What needs to be done –
Search the material below for the string "first" and extract each line that has it.

Source material –
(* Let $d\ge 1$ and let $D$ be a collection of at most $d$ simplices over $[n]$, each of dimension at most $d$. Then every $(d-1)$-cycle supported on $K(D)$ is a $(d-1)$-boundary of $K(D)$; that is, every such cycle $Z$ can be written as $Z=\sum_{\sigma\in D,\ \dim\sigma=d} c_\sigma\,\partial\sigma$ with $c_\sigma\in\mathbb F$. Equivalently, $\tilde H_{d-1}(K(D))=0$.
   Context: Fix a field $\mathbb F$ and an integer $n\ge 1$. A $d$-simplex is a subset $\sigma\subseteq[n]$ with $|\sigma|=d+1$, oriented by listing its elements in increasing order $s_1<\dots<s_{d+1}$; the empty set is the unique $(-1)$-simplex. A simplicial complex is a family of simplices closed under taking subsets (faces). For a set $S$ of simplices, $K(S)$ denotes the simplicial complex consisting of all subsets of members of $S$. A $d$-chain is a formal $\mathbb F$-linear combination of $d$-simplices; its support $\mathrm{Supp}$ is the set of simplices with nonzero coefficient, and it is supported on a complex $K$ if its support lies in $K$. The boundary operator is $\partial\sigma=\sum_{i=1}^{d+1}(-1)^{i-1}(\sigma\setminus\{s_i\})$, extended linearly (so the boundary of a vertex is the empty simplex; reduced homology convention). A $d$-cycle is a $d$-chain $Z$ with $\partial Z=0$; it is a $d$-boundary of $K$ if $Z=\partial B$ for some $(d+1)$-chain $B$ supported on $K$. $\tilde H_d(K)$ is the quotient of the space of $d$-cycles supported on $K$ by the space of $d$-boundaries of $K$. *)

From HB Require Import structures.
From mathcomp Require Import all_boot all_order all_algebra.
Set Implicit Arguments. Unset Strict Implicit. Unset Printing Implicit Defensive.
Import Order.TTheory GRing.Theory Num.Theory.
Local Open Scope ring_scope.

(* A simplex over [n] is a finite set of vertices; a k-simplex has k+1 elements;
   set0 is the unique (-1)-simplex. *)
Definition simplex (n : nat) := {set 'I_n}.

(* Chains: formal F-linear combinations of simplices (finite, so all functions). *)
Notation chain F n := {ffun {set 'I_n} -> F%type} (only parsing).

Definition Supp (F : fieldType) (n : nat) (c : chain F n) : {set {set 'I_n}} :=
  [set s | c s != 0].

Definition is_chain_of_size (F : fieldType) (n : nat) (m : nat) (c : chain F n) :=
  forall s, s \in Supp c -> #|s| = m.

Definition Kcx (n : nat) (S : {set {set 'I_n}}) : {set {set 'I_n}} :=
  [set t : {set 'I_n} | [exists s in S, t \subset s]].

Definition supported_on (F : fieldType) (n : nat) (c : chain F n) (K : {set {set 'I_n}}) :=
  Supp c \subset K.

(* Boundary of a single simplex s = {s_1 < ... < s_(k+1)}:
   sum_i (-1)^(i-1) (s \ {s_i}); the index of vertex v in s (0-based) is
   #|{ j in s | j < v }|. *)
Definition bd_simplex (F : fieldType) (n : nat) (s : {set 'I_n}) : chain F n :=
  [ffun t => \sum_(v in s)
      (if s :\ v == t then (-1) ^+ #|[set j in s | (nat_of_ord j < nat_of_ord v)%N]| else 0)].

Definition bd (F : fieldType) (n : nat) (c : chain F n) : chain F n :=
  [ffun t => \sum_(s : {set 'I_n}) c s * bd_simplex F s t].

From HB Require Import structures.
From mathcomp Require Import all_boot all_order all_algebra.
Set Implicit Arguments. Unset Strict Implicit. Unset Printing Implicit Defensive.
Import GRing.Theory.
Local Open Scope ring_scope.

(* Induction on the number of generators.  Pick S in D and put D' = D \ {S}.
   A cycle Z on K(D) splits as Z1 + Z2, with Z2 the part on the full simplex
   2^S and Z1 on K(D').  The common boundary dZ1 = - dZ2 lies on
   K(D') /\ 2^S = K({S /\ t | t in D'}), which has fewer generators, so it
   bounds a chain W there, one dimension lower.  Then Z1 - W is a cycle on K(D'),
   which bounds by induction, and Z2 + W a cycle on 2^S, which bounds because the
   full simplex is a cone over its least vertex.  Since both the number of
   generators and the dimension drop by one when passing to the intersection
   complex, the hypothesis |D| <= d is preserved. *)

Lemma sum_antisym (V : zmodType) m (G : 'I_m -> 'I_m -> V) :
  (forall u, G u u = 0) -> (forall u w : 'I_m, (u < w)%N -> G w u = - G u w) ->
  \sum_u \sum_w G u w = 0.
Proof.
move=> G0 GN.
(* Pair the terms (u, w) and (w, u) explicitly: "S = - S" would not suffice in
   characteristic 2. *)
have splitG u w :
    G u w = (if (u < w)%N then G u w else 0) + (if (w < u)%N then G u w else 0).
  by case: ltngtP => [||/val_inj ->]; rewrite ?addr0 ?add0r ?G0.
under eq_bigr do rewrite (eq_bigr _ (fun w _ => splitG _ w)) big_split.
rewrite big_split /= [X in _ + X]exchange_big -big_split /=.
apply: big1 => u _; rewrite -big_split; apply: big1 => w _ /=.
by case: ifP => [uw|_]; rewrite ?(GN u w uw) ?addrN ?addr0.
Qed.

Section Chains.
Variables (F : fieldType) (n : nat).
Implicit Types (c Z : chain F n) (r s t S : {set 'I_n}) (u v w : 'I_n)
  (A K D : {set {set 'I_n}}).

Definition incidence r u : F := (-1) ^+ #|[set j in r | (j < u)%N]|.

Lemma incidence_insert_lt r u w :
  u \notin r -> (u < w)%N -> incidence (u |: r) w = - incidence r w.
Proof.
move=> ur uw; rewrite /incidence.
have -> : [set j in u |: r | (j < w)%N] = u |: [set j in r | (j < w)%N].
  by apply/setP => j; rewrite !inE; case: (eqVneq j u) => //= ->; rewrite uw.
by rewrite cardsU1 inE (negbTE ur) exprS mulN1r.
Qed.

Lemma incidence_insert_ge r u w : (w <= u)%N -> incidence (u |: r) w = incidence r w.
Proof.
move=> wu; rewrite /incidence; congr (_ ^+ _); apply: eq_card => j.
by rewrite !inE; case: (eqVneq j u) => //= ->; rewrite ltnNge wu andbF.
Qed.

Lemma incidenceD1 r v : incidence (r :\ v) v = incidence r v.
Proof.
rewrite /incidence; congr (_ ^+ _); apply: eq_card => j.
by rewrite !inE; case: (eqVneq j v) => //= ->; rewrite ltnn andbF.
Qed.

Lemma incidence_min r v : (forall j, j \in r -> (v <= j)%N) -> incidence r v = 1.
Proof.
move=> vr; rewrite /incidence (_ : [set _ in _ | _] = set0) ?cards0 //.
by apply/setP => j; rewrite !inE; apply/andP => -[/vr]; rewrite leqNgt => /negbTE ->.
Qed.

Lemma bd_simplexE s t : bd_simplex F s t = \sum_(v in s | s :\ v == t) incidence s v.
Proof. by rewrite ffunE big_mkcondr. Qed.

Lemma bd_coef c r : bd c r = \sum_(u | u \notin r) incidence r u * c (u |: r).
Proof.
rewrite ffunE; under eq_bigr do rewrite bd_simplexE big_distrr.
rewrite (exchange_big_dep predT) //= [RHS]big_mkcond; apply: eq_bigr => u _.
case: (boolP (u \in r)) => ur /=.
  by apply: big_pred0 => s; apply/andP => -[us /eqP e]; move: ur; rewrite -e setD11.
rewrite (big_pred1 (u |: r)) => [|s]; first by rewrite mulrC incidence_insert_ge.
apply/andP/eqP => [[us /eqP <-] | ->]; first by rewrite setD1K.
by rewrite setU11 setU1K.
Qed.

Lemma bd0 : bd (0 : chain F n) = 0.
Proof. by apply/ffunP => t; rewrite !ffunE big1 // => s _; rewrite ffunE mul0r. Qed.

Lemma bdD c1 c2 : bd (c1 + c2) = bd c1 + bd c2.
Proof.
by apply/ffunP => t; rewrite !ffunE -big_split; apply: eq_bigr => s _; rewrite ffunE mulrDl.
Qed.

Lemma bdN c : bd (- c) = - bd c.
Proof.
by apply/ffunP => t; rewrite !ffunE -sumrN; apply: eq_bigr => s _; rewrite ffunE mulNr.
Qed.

Reply to the task –
rewrite (big_pred1 (u |: r)) => [|s]; first by rewrite mulrC incidence_insert_ge.
apply/andP/eqP => [[us /eqP <-] | ->]; first by rewrite setD1K.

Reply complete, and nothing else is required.